Is it okay to wake your partner up with sex?

Is it okay to wake your partner up with sex?
Source: Womenshealth
Date: 30-10-2017 Time: 04:10:28:pm

For obvious reasons, we’re talking a lot about consent at the moment.  And given that it’s a big topic, it seemed like a sensible time to raise a question that I’ve been wondering about for a while. Sleep sex.

I’ve written before about how I don’t think that people who commit sex crimes are always inherently evil – that they’re sometimes fundamentally decent people who’ve been under-educated about what consent means, and who become victims of that lack of information when they hurt another person. Could sleep sex be a part of this?

Is there a possibility that inside a relationship we get so enured to the concept of having another person’s consent that we take it for granted? And does that mean that we shouldn’t be waking our partners up with oral sex? The early morning blow job, or waking your partner up by turning them on, is (when executed properly) a classic move. It’s like the best alarm clock ever.

It puts a spring in your step for the rest of the day and leaves you feeling sad for the rest of the losers on the bus who haven’t already had sex this morning. But, you can’t ask a sleeping person for consent.

Often in a relationship we rely on implied consent (responding to the other person’s advances, taking their vocal enjoyment as consent) rather than affirmative consent (saying ‘yes, I want to do this’). But a sleeping person isn’t initially ready to give either type. So, should you avoid it entirely?

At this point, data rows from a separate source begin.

Lemma lp_multiplier N S (n : nat -> nat) (X : nat -> vec -> Prop) (c : nat -> vec)
  (A : nat -> nat -> vec) (u0 : vec) (zs zhat : nat -> vec) (zeta : R) :
  (forall i, (i < N)%nat -> in_conv (n i) (X i) (zs i)) ->
  (forall s, (s < S)%nat -> rsum N (fun i => dot (n i) (A i s) (zs i)) <= u0 s) ->
  (forall z : nat -> vec, (forall i, (i < N)%nat -> in_conv (n i) (X i) (z i)) ->
     (forall s, (s < S)%nat -> rsum N (fun i => dot (n i) (A i s) (z i)) <= u0 s) ->
     rsum N (fun i => dot (n i) (c i) (zs i)) <= rsum N (fun i => dot (n i) (c i) (z i))) ->
  (forall i, (i < N)%nat -> in_conv (n i) (X i) (zhat i)) -> 0 < zeta ->
  (forall s, (s < S)%nat -> zeta <= u0 s - rsum N (fun i => dot (n i) (A i s) (zhat i))) ->
  exists pi : vec, (forall s, (s < S)%nat -> 0 <= pi s) /\
    forall z : nat -> vec, (forall i, (i < N)%nat -> in_conv (n i) (X i) (z i)) ->
      rsum N (fun i => dot (n i) (c i) (zs i)) <= rsum N (fun i => dot (n i) (c i) (z i)) +
        rsum S (fun s => pi s * (rsum N (fun i => dot (n i) (A i s) (z i)) - u0 s)).
Proof.
  intros Hzs Hzsf Hopt Hzh Hze Hzeta.
  set (P := fun (u : vec) a => exists z : nat -> vec,
    (forall i, (i < N)%nat -> in_conv (n i) (X i) (z i)) /\
    (forall s, (s < S)%nat -> rsum N (fun i => dot (n i) (A i s) (z i)) <= u s) /\
    a = rsum N (fun i => dot (n i) (c i) (z i))).
  destruct (lagrange_multiplier S P u0 (rsum N (fun i => dot (n i) (c i) (zs i))))
    as [pi [Hpi Hlagr]].
  - intros u1 u2 a1 a2 th Hth [z1 [C1 [F1 ->]]] [z2 [C2 [F2 ->]]].
    assert (Hcomb : forall u : nat -> vec,
      rsum N (fun i => dot (n i) (u i) (fun k => th * z1 i k + (1 - th) * z2 i k))
      = th * rsum N (fun i => dot (n i) (u i) (z1 i)) + (1 - th) * rsum N (fun i => dot (n i) (u i) (z2 i))).
    { intros u. rewrite <- !rsum_scal, <- rsum_plus. apply rsum_ext. intros. apply dot_lin. }
    exists (fun i k => th * z1 i k + (1 - th) * z2 i k). split; [|split].
    + intros i Hi. apply in_conv_comb; auto.
    + intros s Hs. specialize (F1 s Hs). specialize (F2 s Hs).
      rewrite (Hcomb (fun i => A i s)). nra.
    + symmetry. apply (Hcomb c).
  - intros u u' a Hu [z [C1 [F1 ->]]]. exists z. split; [exact C1|split; [|reflexivity]].
    intros s Hs. specialize (F1 s Hs). specialize (Hu s Hs). lra.
  - exists zs. auto.
  - intros a [z [C1 [F1 ->]]]. apply Hopt; assumption.
  - exists (fun s => rsum N (fun i => dot (n i) (A i s) (zhat i))),
      (rsum N (fun i => dot (n i) (c i) (zhat i))), zeta.
    split; [exact Hze|split; [exists zhat; repeat split; auto; intros; lra|exact Hzeta]].
  - exists pi. split; [exact Hpi|]. intros z Hz. apply Hlagr. exists z. repeat split; auto. intros; lra.
Qed.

Sexpert Annabelle Knight told that while morning sex is great, waking someone up with sex isn’t always the best plan. ‘Waking your partner up with sex can do wonders for your relationship. ‘

Post climactic chemicals such as Oxytocin and Serotonin help to combat stress, make you feel happy and improve your general health by reducing the risk of headaches and illness. ‘It also bonds a couple – couples who engage in morning sexual activity are less likely to stray as they feel their sexual needs have already been met and are therefore less prone to fantasies of other people or acting on them.

Of course there’s always the issue of surprise sex being unwanted. ‘My advice here is to wait until they’re at least half awake before you try anything. Most people need the toilet first thing and trying to concentrate on having a good time sexually when you’re dying for a wee won’t make for satisfying sex.

‘Successful morning sex comes (pardon the pun) from both partners feeling well rested and fresh, which may mean a quick swig of mouthwash and a toilet trip before you get down to it. The more comfortable you are the more you can concentrate of the experience itself and not external factors.

‘Couples who have been together for a long time can slip into a rut when it comes to checking that the advances are wanted. Even if you’ve been together ten years you still need to make sure sex is consensual. ‘Consent is a huge part of a happy and healthy sex life, being able to talk to your partner openly and honestly is hugely important and not just if it’s a threesome or anal sex that’s on the table.

Long-term couples are less likely to view their partner not wanting sex as rejection, so don’t be afraid to say no to them.’ So, if waking someone up with sex isn’t important to both of you, skipping it in favour of a quick pre-sex chat and wee is a good plan. That said, if you and your partner are both actively aroused by and committed to the idea of being woken up with sex, there are ways to mitigate the potential issues.

As with so many things, the issue here really is about communication. Talk to your partner about consent, about whether being woken up with oral sex is something that they really want – in reality not just in fantasy. Lots of the things that turn us on in our heads are a bit uncomfortable in real life, especially if (like Annabelle says, you need a wee!)

Similarly, read the mood of the day. If you had a fight before you went to sleep, initiating make-up sex is not a good plan, in case it upsets the other person, but if you had a conversation the night before about how you want to squeeze in a quickie before work, you’re on more solid ground. If you do attempt to make morning sex happen and the object of your affection isn’t initially responsive, back off.

Don’t get upset with them or imply that they’re being unreasonable, and give them the space they need to decide whether or not they want to have sex with you at that moment. Giving oral sex is often portrayed at some kind of gift, so having it rejected can feel hurtful. Try to remember that even if the activity is designed to give the other person pleasure, that still doesn’t mean it’s ungrateful or wrong for them not to want it.